---- PROVIDED RECORDS
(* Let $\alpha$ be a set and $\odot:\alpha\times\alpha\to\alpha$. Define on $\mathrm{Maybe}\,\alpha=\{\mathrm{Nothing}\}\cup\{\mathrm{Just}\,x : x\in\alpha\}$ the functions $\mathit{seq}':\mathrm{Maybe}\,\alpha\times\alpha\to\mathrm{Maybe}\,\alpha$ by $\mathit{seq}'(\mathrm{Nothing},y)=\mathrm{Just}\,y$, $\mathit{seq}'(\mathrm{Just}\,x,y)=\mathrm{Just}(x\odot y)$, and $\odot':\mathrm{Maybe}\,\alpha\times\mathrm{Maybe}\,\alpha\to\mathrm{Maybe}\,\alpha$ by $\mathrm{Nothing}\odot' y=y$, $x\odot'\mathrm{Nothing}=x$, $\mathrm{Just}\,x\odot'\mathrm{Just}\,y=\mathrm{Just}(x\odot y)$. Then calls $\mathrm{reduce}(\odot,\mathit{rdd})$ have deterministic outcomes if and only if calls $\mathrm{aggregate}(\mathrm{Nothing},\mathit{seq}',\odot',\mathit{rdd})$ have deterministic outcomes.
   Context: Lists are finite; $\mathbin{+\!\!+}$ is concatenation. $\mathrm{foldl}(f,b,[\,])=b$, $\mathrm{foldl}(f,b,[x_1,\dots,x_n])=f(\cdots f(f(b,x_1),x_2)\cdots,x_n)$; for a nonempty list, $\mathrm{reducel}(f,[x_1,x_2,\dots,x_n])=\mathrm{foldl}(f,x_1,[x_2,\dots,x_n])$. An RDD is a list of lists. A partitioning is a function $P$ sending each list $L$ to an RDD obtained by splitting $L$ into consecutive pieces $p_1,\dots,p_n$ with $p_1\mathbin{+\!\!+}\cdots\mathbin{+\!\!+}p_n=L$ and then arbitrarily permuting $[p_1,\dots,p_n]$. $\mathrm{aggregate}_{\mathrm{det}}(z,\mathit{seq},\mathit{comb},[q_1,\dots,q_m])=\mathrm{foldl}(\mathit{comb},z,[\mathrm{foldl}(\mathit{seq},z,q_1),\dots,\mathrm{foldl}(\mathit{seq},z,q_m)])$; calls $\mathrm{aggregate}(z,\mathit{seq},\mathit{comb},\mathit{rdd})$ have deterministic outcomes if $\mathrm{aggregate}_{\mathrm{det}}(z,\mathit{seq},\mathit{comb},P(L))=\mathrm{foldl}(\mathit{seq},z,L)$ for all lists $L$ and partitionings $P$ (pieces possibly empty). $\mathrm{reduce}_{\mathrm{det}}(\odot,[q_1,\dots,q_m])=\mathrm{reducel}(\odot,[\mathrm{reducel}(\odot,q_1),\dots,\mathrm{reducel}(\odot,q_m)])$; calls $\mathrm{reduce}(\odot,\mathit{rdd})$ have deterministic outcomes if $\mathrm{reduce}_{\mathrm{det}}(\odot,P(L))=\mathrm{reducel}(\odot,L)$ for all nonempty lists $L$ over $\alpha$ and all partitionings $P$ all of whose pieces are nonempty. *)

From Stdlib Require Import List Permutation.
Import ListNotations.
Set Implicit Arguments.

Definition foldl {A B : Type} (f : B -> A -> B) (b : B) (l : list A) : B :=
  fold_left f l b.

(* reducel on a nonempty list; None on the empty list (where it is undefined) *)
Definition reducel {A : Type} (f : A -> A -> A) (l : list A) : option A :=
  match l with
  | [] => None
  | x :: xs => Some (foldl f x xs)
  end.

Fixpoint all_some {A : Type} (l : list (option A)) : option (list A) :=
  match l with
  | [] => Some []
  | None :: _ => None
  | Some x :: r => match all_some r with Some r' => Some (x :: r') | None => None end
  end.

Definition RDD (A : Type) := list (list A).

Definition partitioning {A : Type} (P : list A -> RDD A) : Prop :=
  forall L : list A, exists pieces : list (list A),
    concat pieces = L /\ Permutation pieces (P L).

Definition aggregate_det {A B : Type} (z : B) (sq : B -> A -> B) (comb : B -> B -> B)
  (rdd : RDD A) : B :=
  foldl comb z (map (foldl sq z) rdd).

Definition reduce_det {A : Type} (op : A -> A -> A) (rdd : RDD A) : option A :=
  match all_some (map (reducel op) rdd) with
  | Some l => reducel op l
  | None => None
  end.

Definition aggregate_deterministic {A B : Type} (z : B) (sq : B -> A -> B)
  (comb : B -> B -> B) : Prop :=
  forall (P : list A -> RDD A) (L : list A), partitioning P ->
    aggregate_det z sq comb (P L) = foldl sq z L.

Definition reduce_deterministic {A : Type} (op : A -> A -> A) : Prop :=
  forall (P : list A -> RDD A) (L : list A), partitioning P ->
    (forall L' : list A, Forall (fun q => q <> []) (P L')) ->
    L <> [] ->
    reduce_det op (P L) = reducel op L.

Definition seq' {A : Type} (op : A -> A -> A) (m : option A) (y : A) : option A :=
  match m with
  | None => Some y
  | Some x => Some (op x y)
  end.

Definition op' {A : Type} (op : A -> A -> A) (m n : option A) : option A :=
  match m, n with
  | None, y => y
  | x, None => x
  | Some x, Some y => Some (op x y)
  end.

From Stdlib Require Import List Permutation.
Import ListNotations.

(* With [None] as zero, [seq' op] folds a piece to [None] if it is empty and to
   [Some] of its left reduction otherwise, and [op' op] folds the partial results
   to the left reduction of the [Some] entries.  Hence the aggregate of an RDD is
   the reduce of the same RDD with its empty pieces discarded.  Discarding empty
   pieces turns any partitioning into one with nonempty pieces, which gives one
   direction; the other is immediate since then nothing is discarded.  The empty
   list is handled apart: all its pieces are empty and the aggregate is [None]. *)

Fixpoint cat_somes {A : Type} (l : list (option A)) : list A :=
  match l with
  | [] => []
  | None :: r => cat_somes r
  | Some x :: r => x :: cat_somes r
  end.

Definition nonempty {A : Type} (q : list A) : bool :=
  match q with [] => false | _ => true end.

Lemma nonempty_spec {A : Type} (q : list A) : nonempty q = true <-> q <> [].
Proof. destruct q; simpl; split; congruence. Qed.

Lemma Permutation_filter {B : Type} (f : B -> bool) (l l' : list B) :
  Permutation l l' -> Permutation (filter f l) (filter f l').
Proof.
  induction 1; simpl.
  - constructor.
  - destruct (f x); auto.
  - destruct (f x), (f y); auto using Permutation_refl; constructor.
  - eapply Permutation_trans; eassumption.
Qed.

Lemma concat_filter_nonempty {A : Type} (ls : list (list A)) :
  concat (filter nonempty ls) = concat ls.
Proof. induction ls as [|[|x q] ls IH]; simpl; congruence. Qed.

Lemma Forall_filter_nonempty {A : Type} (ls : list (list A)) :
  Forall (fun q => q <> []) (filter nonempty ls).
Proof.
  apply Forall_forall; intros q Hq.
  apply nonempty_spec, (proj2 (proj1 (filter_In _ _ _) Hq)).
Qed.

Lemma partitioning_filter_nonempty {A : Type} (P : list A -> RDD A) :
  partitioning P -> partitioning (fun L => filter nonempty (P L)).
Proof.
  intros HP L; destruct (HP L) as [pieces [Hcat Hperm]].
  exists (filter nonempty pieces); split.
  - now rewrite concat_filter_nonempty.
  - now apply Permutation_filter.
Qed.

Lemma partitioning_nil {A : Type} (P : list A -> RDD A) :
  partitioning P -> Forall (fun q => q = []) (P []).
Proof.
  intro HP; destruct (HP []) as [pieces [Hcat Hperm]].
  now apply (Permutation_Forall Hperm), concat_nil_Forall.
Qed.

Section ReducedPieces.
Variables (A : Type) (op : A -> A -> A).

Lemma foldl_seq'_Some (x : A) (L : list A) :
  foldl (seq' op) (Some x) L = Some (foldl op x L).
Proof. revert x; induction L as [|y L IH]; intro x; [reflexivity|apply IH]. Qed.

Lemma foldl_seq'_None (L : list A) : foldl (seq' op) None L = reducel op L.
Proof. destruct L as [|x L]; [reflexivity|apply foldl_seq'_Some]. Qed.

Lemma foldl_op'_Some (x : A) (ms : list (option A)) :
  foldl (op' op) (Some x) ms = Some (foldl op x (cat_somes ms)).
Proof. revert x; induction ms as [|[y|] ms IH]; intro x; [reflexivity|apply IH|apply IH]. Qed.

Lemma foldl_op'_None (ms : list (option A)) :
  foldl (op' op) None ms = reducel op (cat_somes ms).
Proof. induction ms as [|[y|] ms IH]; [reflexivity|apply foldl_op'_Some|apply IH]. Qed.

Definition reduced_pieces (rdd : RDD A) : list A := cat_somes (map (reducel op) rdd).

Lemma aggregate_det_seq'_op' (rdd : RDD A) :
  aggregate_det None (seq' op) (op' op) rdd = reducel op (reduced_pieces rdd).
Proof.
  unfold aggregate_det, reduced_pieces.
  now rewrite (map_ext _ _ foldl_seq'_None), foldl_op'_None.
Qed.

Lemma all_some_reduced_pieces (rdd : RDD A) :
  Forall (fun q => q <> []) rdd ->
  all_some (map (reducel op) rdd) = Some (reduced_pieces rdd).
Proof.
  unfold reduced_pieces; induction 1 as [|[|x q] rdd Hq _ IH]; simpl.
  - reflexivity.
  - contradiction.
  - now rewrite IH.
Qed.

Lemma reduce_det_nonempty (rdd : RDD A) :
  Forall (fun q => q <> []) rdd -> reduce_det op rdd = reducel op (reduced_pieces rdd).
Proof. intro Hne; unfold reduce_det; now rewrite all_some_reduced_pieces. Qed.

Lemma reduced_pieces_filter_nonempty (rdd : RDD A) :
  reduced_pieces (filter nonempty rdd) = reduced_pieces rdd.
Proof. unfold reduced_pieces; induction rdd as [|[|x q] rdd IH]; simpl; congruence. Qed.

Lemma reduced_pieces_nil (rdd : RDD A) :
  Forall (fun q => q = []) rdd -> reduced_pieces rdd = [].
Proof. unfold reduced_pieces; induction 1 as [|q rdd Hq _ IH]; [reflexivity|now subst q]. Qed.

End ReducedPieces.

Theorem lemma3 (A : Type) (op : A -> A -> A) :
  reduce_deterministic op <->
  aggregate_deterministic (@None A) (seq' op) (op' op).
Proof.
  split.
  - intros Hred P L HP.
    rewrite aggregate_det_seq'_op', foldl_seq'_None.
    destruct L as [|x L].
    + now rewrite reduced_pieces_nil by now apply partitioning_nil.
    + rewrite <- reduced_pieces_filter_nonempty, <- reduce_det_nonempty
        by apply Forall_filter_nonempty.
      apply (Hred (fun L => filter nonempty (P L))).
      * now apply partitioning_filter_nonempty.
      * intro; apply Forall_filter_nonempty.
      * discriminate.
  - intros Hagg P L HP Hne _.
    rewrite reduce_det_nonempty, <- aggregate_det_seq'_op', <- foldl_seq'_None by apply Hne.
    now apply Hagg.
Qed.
--------
---- PROVIDED RECORDS
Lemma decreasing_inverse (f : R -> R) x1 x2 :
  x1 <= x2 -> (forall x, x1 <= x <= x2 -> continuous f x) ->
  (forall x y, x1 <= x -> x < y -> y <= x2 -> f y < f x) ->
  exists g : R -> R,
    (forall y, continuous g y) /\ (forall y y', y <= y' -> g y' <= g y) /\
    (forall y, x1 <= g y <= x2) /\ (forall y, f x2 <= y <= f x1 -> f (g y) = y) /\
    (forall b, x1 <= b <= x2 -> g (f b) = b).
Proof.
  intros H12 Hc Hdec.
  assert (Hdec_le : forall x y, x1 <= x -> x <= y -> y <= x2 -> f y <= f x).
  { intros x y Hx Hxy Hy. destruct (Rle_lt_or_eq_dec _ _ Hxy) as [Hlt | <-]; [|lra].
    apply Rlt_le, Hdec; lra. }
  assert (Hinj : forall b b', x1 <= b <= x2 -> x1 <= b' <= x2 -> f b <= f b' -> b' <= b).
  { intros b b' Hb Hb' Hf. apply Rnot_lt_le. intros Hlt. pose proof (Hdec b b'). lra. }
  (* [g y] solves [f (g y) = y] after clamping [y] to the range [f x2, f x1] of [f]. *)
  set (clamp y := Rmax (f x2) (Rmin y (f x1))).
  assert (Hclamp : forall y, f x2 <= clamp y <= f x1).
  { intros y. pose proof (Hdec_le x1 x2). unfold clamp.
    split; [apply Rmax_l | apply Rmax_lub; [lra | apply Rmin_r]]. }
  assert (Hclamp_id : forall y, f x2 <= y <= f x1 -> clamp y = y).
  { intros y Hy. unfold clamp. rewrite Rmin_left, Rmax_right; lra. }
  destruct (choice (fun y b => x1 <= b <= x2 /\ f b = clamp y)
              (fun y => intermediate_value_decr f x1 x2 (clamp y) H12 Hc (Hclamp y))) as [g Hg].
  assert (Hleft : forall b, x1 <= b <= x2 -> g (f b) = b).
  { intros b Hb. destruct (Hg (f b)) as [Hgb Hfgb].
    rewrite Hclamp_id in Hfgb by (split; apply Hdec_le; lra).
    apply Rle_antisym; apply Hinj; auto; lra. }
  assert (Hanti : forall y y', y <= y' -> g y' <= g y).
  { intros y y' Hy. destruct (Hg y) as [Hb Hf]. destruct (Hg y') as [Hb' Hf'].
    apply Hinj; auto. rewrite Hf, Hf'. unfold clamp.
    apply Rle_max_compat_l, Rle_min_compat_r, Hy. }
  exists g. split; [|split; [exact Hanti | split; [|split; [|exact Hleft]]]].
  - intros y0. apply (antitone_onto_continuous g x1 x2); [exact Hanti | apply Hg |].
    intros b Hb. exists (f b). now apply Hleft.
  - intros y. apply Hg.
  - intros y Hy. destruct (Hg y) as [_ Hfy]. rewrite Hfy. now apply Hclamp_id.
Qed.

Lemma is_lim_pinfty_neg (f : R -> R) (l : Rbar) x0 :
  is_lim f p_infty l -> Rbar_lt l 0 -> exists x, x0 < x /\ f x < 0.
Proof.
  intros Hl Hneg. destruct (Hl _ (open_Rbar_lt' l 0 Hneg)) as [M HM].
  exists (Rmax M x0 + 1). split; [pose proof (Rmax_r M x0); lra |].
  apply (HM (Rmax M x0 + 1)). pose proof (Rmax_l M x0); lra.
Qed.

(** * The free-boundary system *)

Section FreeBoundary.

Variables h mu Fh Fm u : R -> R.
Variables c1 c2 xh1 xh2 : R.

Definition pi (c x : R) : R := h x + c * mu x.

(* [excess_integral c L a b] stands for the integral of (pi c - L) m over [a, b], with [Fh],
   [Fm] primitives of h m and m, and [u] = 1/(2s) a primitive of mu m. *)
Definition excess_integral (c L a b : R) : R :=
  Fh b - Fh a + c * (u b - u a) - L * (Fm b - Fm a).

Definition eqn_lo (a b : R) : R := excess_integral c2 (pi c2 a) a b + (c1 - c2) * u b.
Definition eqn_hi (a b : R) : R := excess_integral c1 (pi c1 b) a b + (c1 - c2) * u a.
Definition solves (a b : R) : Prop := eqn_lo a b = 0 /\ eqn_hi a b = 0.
--------
#### [TASK TO COMPLETE]
Begin at the line that has "rewrite Hclamp_id in" in the entries above; stop after the line that has "Definition solves (a". Transcribe exactly those lines and no others.

#### [EXERCISE ANSWER]
    rewrite Hclamp_id in Hfgb by (split; apply Hdec_le; lra).
    apply Rle_antisym; apply Hinj; auto; lra. }
  assert (Hanti : forall y y', y <= y' -> g y' <= g y).
  { intros y y' Hy. destruct (Hg y) as [Hb Hf]. destruct (Hg y') as [Hb' Hf'].
    apply Hinj; auto. rewrite Hf, Hf'. unfold clamp.
    apply Rle_max_compat_l, Rle_min_compat_r, Hy. }
  exists g. split; [|split; [exact Hanti | split; [|split; [|exact Hleft]]]].
  - intros y0. apply (antitone_onto_continuous g x1 x2); [exact Hanti | apply Hg |].
    intros b Hb. exists (f b). now apply Hleft.
  - intros y. apply Hg.
  - intros y Hy. destruct (Hg y) as [_ Hfy]. rewrite Hfy. now apply Hclamp_id.
Qed.

Lemma is_lim_pinfty_neg (f : R -> R) (l : Rbar) x0 :
  is_lim f p_infty l -> Rbar_lt l 0 -> exists x, x0 < x /\ f x < 0.
Proof.
  intros Hl Hneg. destruct (Hl _ (open_Rbar_lt' l 0 Hneg)) as [M HM].
  exists (Rmax M x0 + 1). split; [pose proof (Rmax_r M x0); lra |].
  apply (HM (Rmax M x0 + 1)). pose proof (Rmax_l M x0); lra.
Qed.

(** * The free-boundary system *)

Section FreeBoundary.

Variables h mu Fh Fm u : R -> R.
Variables c1 c2 xh1 xh2 : R.

Definition pi (c x : R) : R := h x + c * mu x.

(* [excess_integral c L a b] stands for the integral of (pi c - L) m over [a, b], with [Fh],
   [Fm] primitives of h m and m, and [u] = 1/(2s) a primitive of mu m. *)
Definition excess_integral (c L a b : R) : R :=
  Fh b - Fh a + c * (u b - u a) - L * (Fm b - Fm a).

Definition eqn_lo (a b : R) : R := excess_integral c2 (pi c2 a) a b + (c1 - c2) * u b.
Definition eqn_hi (a b : R) : R := excess_integral c1 (pi c1 b) a b + (c1 - c2) * u a.
Definition solves (a b : R) : Prop := eqn_lo a b = 0 /\ eqn_hi a b = 0.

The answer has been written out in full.